There are, for sure, risks in such an approach. It could easily encourage anti-SNP tactical voting. That would be a novelty since in 2011 the Nationalists were the beneficiaries of tactical voting designed to prevent Labour from making an entirely un-earned return to power. (Reader, I added my own small pebble to that cairn. Ah well.)

So it’s not a surprise that Alex Salmond has taken to citing WB Yeats. The new SNP is a terrible beauty too and Scotland is changed, changed utterly. The party’s revolutionary zeal, if we can call it that, has been encouraged by defeat. It is only a matter of time before Scotland will demand another vote; only a matter of time before she becomes an independent nation once again. It is merely a question of try, try and try again.

That, at any rate, is what the SNP leadership believes. The cause endures, the fight goes on. The Westminster election is a means of holding Unionist feet to the fire and, to that end, non-SNP members will be encouraged to stand for the nationalists. A Yes Alliance to destroy the Scottish Labour party and send an unequivocal message south of the border.

In this respect, the general election will be 59 mini-referendums on the national question. The Nationalists are making a big bet; the question is whether Unionists have the funds to call it without risking everything. (They may not.)

A gamble, then, but not a reckless one. It doesn’t help – from a Unionist perspective – that so many English Tory MPs evidently relish the idea of Labour losing seats to the SNP. Labour’s Scottish difficulty is England’s Tory opportunity and all that. Viewed from the particular, peculiar, perspective of Scottish Unionism it seems clear that, in terms of the Union, a Labour victory in May is a better outcome than a second term for David Cameron. God help us.
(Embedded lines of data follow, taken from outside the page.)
(* The words where the ratio of [p] and [r] leaves [[1/c, c]]: those with
   [p > c r] are controlled by the Markov bound on the divergence, those with
   [r > c p] by the total [r]-mass. *)
Lemma kl_atypical_mass p (r : T -> R) c K :
  (forall y, 0 <= p y) -> (forall y, 0 <= r y) -> \sum_y r y <= 1 -> 1 < c ->
  (\sum_y kl_term (p y) (r y) <= K%:E)%E ->
  \sum_(y | ~~ [&& 0 < p y, p y <= c * r y & r y <= c * p y]) p y <=
    (K + 1) / ln c + c^-1.
Proof.
move=> p0 r0 r1 c1 hK.
have c0 : 0 < c by lra.
have lc : 0 < ln c by apply: ln_gt0.
have h1 : \sum_(y | (0 < p y) && (c * r y < p y)) p y <= (K + 1) / ln c.
  by rewrite ler_pdivlMr // sum_kl_term_markov // ltW.
have h2 : \sum_(y | (0 < p y) && (c * p y < r y)) p y <= c^-1.
  apply: le_trans (_ : \sum_(y | (0 < p y) && (c * p y < r y)) (c^-1 * r y) <= _).
    by apply: ler_sum => y /andP[_ h]; rewrite ler_pdivlMl // ltW.
  rewrite -mulr_sumr -[leRHS]mulr1 ler_pM2l ?invr_gt0 //.
  exact: le_trans (sumr_pred_le _ r0) r1.
apply: le_trans (lerD h1 h2).
rewrite [X in _ <= X + _]big_mkcond [X in _ <= _ + X]big_mkcond -big_split /=.
rewrite big_mkcond; apply: ler_sum => y _.
have := p0 y; have := r0 y.
case: ifPn => hn ry py0; last by do 2 (case: ifP => _); lra.
have [py|py] /= := ltP 0 (p y); last by lra.
move: hn; rewrite py /= negb_and -!ltNge => /orP[h|h]; rewrite h; case: ifP => _; lra.
Qed.

End KLSum.

Lemma kl_div_ge0 {R : realType} {X : finType} {x0 : X} (mu nu : probability (Xinf x0) R) n :
  (0 <= kl_div mu nu n)%E.
Proof.
by apply: sum_kl_term_ge0; [exact: pcyl_ge0 | exact: pcyl_ge0 | rewrite !sum_pcyl].
Qed.

Definition covered {T A : Type} (D : A -> pred T) (f : nat -> A) (m : nat) (y : T) :=
  has (fun i => D (f i) y) (iota 0 m).

Lemma covered_extend (T A : Type) (D : A -> pred T) f N a y :
  covered D (fun i => if i == N then a else f i) N.+1 y = covered D f N y || D a y.
Proof.
rewrite /covered -addn1 iotaD has_cat /= add0n eqxx orbF; congr (_ || _).
by apply: eq_in_has => i; rewrite mem_iota add0n => /andP[_ iN]; rewrite ltn_eqF.
Qed.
Nor does it help to have fat-headed Admirals suggesting the Royal Navy’s new frigates might not actually be built on the Clyde. With friends apparently determined to stoke Scottish grievances the Union has no need for enemies. Indeed, if it’s lost it’s as likely to be lost in London as in Scotland.

Despite what Alex Salmond says, it is far from clear that the much-ballyhooed Vow really made much difference to the final outcome. I doubt it changed half a million minds. It was, however, a larger hostage to fortune than any previous promises made by the Unionist parties. If they think it can now be forgotten they are sorely mistaken. It has taken on a mythic life of its own.

Perhaps this is too pessimistic a diagnosis. It is possible that this is as good as it will get for the SNP. Possible that the only way from here is down. Possible that hubris will get the better of the Nationalists. It may be that they over-estimate public enthusiasm for endless constitutional warfare.

But if they are to be beaten they will need to be beaten by Labour. Which means the right leader in Scotland and a better leader in Westminster. The first of those remains possible, the second seems disastrously unobtainable.

Ordinarily it might be difficult to wriggle free from the promise that the referendum would settle the question for a generation. These are not ordinary times, however.

I never expected the SNP to go away or shut up after defeat but then I always thought the referendum would be a close-run thing. The Nationalists have a plan for what comes next and it is quite evidently the case that Unionists do not. Which is one more reason why, far from settling the Scottish Question, the referendum looks like becoming the Neverendum. Until, that is, the Nationalists win. That result will be permanent. Because the rules for one side are not the same as the rules applying to the other. This may be unfair but it’s just the way it is.